(Material for the task begins)
(* Let $1\le d\le n-2$ and let $H$ be a $d$-hypercut over $[n]$. Then the facet graph $G_d(H)$ is $(n-d-1)$-connected.
   Context: Fix a field $\mathbb F$. A $d$-simplex is a $(d+1)$-element subset of $[n]$ oriented by increasing order. For a simplex $\rho$ and $\tau=\rho\setminus\{p\}$ with $p$ the $i$-th smallest element of $\rho$, $\mathrm{sign}(\rho,\tau)=(-1)^{i-1}$. A $d$-cochain is a formal $\mathbb F$-combination of $d$-simplices; the coboundary is $\delta\tau=\sum_{p\in[n]\setminus\tau}\mathrm{sign}(\tau\cup\{p\},\tau)(\tau\cup\{p\})$, extended linearly. A $d$-cocycle is a $d$-cochain $Z$ with $\delta Z=0$; a $d$-hypercut is a nonzero $d$-cocycle $H$ such that every $d$-cocycle supported in $\mathrm{Supp}(H)$ is a scalar multiple of $H$. The facet graph $G_d(H)$ has vertex set $\mathrm{Supp}(H)$, two $d$-simplices adjacent iff they share a $(d-1)$-face. A graph is $k$-connected if deleting any set of fewer than $k$ of its vertices leaves a nonempty connected graph. *)

From HB Require Import structures.
From mathcomp Require Import all_boot all_order all_algebra.
Set Implicit Arguments. Unset Strict Implicit. Unset Printing Implicit Defensive.
Import GRing.Theory.
Local Open Scope ring_scope.

(* Vertex set [n] is 'I_n; a simplex is a finite set of vertices, a
   d-simplex one of cardinality d+1, oriented by increasing order. *)

Definition cochain (F : fieldType) (n : nat) := {ffun {set 'I_n} -> F}.

Definition is_dcochain (F : fieldType) (n d : nat) (Z : cochain F n) : Prop :=
  forall s : {set 'I_n}, Z s != 0 -> #|s| = d.+1.

(* sign(rho, rho \ {p}) = (-1)^(i-1), where p is the i-th smallest of rho;
   i-1 = number of elements of rho smaller than p. *)
Definition simplex_sign (F : fieldType) (n : nat) (rho : {set 'I_n}) (p : 'I_n) : F :=
  (-1) ^+ #|[set q in rho | (q < p)%N]|.

(* Coefficient of rho in delta Z, obtained by expanding
   delta tau = sum_{p notin tau} sign(tau+p, tau) (tau+p) linearly. *)
Definition coboundary_coef (F : fieldType) (n : nat) (Z : cochain F n)
    (rho : {set 'I_n}) : F :=
  \sum_(p in rho) simplex_sign F rho p * Z (rho :\ p).
Lemma Vn_succ_gain_le_one (n : nat) (t : R) : 0 <= t ->
  (forall r, 0 <= r -> gain_le_one l (V n r)) -> gain_le_one l (V (S n) t).
Proof.
  intros Ht Hgain b k Hk.
  set (h := fun r => J (V n r) b).
  assert (Hh : continuous_everywhere h) by apply continuous_jump_value_Vn.
  assert (Hq : 0 <= q b) by (apply qrate_nonneg; auto; lra).
  rewrite !Vn_succ. unfold q at 1. rewrite qrate_addv_unitv by exact Hk.
  apply Rle_trans with (expconv (q b + theta) (fun r => (h r + theta * expconv (q b) h r) + q b) t).
  - apply expconv_le; auto using continuous_jump_value_Vn with continuity.
    intros r Hr. change (expconv (q b) h r) with (V (S n) r b). unfold h.
    pose proof (jump_value_add_le l lam mu theta Hlam Hmu ltac:(lra) (V n r) (V (S n) r) b k
                  (Hgain r (proj1 Hr)) (Vn_le_succ n r b (proj1 Hr)) Hk).
    unfold J, q in *. lra.
  - rewrite expconv_plus, <- expconv_add_rate by auto with continuity.
    pose proof (expconv_const_le_one (q b) theta t Hq Htheta Ht). fold h. lra.
Qed.

Lemma Vn_succ_flexible_dominates (n : nat) (t : R) : 0 <= t ->
  (forall r, 0 <= r -> gain_le_one l (V n r)) ->
  (forall r, 0 <= r -> flexible_dominates l (V n r)) ->
  flexible_dominates l (V (S n) t).
Proof.
  intros Ht Hgain Hflex b i Hi.
  rewrite !Vn_succ. unfold q. rewrite !qrate_addv_unitv by lia.
  apply expconv_le; auto using continuous_jump_value_Vn.
  intros r Hr. apply jump_value_flexible_le; auto; [lra | apply Hgain | apply Hflex]; lra.
Qed.

Lemma Vn_gain_le_one_flexible_dominates (n : nat) :
  (forall t, 0 <= t -> gain_le_one l (V n t)) /\
  (forall t, 0 <= t -> flexible_dominates l (V n t)).
Proof.
  induction n as [|n [IHgain IHflex]].
  - split; intros t _ c k _; unfold V; simpl; lra.
  - split; intros t Ht.
    + now apply Vn_succ_gain_le_one.
    + now apply Vn_succ_flexible_dominates.
Qed.

End Value.

Lemma Lim_seq_const_plus (c : R) (u : nat -> R) :
  ex_lim_seq u -> Lim_seq (fun n => c + u n) = Rbar_plus c (Lim_seq u).
Proof.
  intro Hu. rewrite Lim_seq_plus, Lim_seq_const; auto using ex_lim_seq_const.
  rewrite Lim_seq_const. now destruct (Lim_seq u).
Qed.

Theorem lemma1 (l : nat) (lam mu : nat -> R) (theta : R)
  (Hlam : forall i, (i <= l)%nat -> 0 < lam i)
  (Hmu : forall j, (j <= l)%nat -> 0 < mu j)
  (Htheta : 0 < theta)
  (T : R) (HT : 0 <= T) (A : state) (i : nat) (Hi : (i <= l)%nat) :
  Rbar_le (ExpMatches l lam mu theta T (addv A (unitv 0)))
          (Rbar_plus (Finite 1) (ExpMatches l lam mu theta T A)) /\
  Rbar_le (ExpMatches l lam mu theta T (addv A (unitv i)))
          (ExpMatches l lam mu theta T (addv A (unitv 0))).
Proof.
  assert (Hlam' : forall j, (j <= l)%nat -> 0 <= lam j) by (intros; now apply Rlt_le, Hlam).
  assert (Hmu' : forall j, (j <= l)%nat -> 0 <= mu j) by (intros; now apply Rlt_le, Hmu).
  pose proof (fun n => Vn_gain_le_one_flexible_dominates l lam mu theta Hlam' Hmu' Htheta n) as Hvn.
  unfold ExpMatches. split.
  - rewrite <- Lim_seq_const_plus.
    + apply Lim_seq_le_loc. exists 0%nat. intros n _. apply (proj1 (Hvn n)); lia || assumption.
    + apply ex_lim_seq_incr. intro n. now apply Vn_le_succ.
  - apply Lim_seq_le_loc. exists 0%nat. intros n _. now apply (proj2 (Hvn n)).
Qed.
(* Let $G$ be a torsion-free group, $\mathbb{F}$ a field, $\mathsf{a}$ a unit in $\mathbb{F}[G]$ with $supp(\mathsf{a})=\{1,x,y,xy\}$ where $x,y$ are distinct non-trivial elements of $G$, and let $\mathsf{b}$ be a mate of $\mathsf{a}$. Then $|supp(\mathsf{a})supp(\mathsf{b})|\le 2|supp(\mathsf{b})|-1$.
   Context: $supp(\gamma)=\{x\in G:\gamma_x\ne0\}$; for subsets $B,C\subseteq G$, $BC=\{bc:b\in B,c\in C\}$. A mate of $\mathsf{a}$ is an element $\mathsf{b}$ with $\mathsf{a}\mathsf{b}=1$ such that $|supp(\mathsf{b})|\le|supp(\mathsf{b}')|$ for every $\mathsf{b}'$ with $\mathsf{a}\mathsf{b}'=1$. *)

From mathcomp Require Import all_boot all_algebra.
Set Implicit Arguments. Unset Strict Implicit. Unset Printing Implicit Defensive.
Import GRing.Theory.
Local Open Scope ring_scope.

(* Elements of the group algebra F[G] are functions G -> F with finite
   support; the support is listed (without repetition) by a seq. *)
Section GroupAlgebra.
Variables (G : eqType) (mul : G -> G -> G) (one : G) (inv : G -> G).
Variable (F : fieldType).

Definition is_group : Prop :=
  [/\ associative mul, left_id one mul & left_inverse one inv mul].

Definition torsion_free : Prop :=
  forall (g : G) (n : nat), (0 < n)%N -> iter n (mul g) one = one -> g = one.

Definition supported_on (f : G -> F) (s : seq G) : Prop :=
  uniq s /\ forall g, (f g != 0) = (g \in s).

Definition fin_supp (f : G -> F) : Prop := exists s, supported_on f s.
(* For each positive integer $n$ there is a multiplicative function $f_n$ from the positive integers to the positive integers, with $f_n(p^{k-1})\le f_n(p^k)$ for all primes $p$ and integers $k\ge1$, such that the set of $f_n$-practical numbers has asymptotic density $1-\varphi(n)/n$.
   Context: $\varphi$ is Euler's totient function. $f$ multiplicative means $f(1)=1$ and $f(ab)=f(a)f(b)$ for coprime $a,b$. $S_f(N)=\sum_{d\mid N} f(d)$. A positive integer $N$ is $f$-practical if every positive integer $m\le S_f(N)$ equals $\sum_{d\in\mathcal{D}}f(d)$ for some set $\mathcal{D}$ of distinct divisors of $N$. *)

From Stdlib Require Import Reals.
From mathcomp Require Import all_boot.
Set Implicit Arguments. Unset Strict Implicit. Unset Printing Implicit Defensive.

Definition multiplicative (f : nat -> nat) : Prop :=
  f 1 = 1 /\
  forall a b, 0 < a -> 0 < b -> coprime a b -> f (a * b) = f a * f b.

Definition Sf (f : nat -> nat) (N : nat) : nat := \sum_(d <- divisors N) f d.

(* N is f-practical: every 1 <= m <= S_f(N) is a sum of f(d) over a set
   of distinct divisors d of N. Divisors of N (N > 0) lie in 'I_N.+1. *)
Definition f_practical (f : nat -> nat) (N : nat) : bool :=
  [forall m : 'I_(Sf f N).+1, (0 < m) ==>
     [exists D : {set 'I_N.+1},
        (D \subset [set d : 'I_N.+1 | nat_of_ord d %| N]) &&
        (\sum_(d in D) f d == m)]].

Definition count_practical (f : nat -> nat) (x : nat) : nat :=
  count (f_practical f) (iota 1 x).

Definition has_density_practical (f : nat -> nat) (l : R) : Prop :=
  Un_cv (fun x => Rdiv (INR (count_practical f x)) (INR x)) l.

From Stdlib Require Import Reals Lra.
From mathcomp Require Import all_boot zify.
Set Implicit Arguments. Unset Strict Implicit. Unset Printing Implicit Defensive.

(* Take f_n(m) = 3^w(m), where w(m) counts the primes dividing m but not n, so that
   f_n(p^k) is 1 or 3 according as p | n or not.  If N > 1 is coprime to n, every
   divisor d > 1 of N has f_n(d) >= 3, so 2 is not a sum of distinct f_n(d).  If a
   prime p divides both N and n, then f_n = 1 on the divisors of the p-part N_p, which
   is therefore f_n-practical with S_f(N_p) >= 2.  An f-practical A stays f-practical
   when multiplied by a coprime B with f(b) <= S_f(A) + 1 for all b | B: write
   m <= S_f(A) S_f(B) in mixed radix as a sum of f(b) c_b with digits c_b <= S_f(A),
   and realise each digit by divisors of A.  Since f_n(q^k) <= 3, the other prime
   powers of N are attached one at a time.  So, apart from N = 1, the f_n-practical
   numbers are the N with gcd(N, n) > 1, a set of period n missing phi(n) residues. *)

Lemma gcdn_mul_coprime a b A B : a %| A -> b %| B -> coprime A B -> gcdn (a * b) A = a.
Proof.
move=> aA bB coAB; rewrite gcdnC Gauss_gcdl; first exact/gcdn_idPr.
exact: coprime_dvdr bB coAB.
Qed.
(Material for the task ends)
[Problem details] From the entries above, show each line that includes the string "distinct".

[Exercise answer]
(* Let $G$ be a torsion-free group, $\mathbb{F}$ a field, $\mathsf{a}$ a unit in $\mathbb{F}[G]$ with $supp(\mathsf{a})=\{1,x,y,xy\}$ where $x,y$ are distinct non-trivial elements of $G$, and let $\mathsf{b}$ be a mate of $\mathsf{a}$. Then $|supp(\mathsf{a})supp(\mathsf{b})|\le 2|supp(\mathsf{b})|-1$.
   Context: $\varphi$ is Euler's totient function. $f$ multiplicative means $f(1)=1$ and $f(ab)=f(a)f(b)$ for coprime $a,b$. $S_f(N)=\sum_{d\mid N} f(d)$. A positive integer $N$ is $f$-practical if every positive integer $m\le S_f(N)$ equals $\sum_{d\in\mathcal{D}}f(d)$ for some set $\mathcal{D}$ of distinct divisors of $N$. *)
   of distinct divisors d of N. Divisors of N (N > 0) lie in 'I_N.+1. *)
   divisor d > 1 of N has f_n(d) >= 3, so 2 is not a sum of distinct f_n(d).  If a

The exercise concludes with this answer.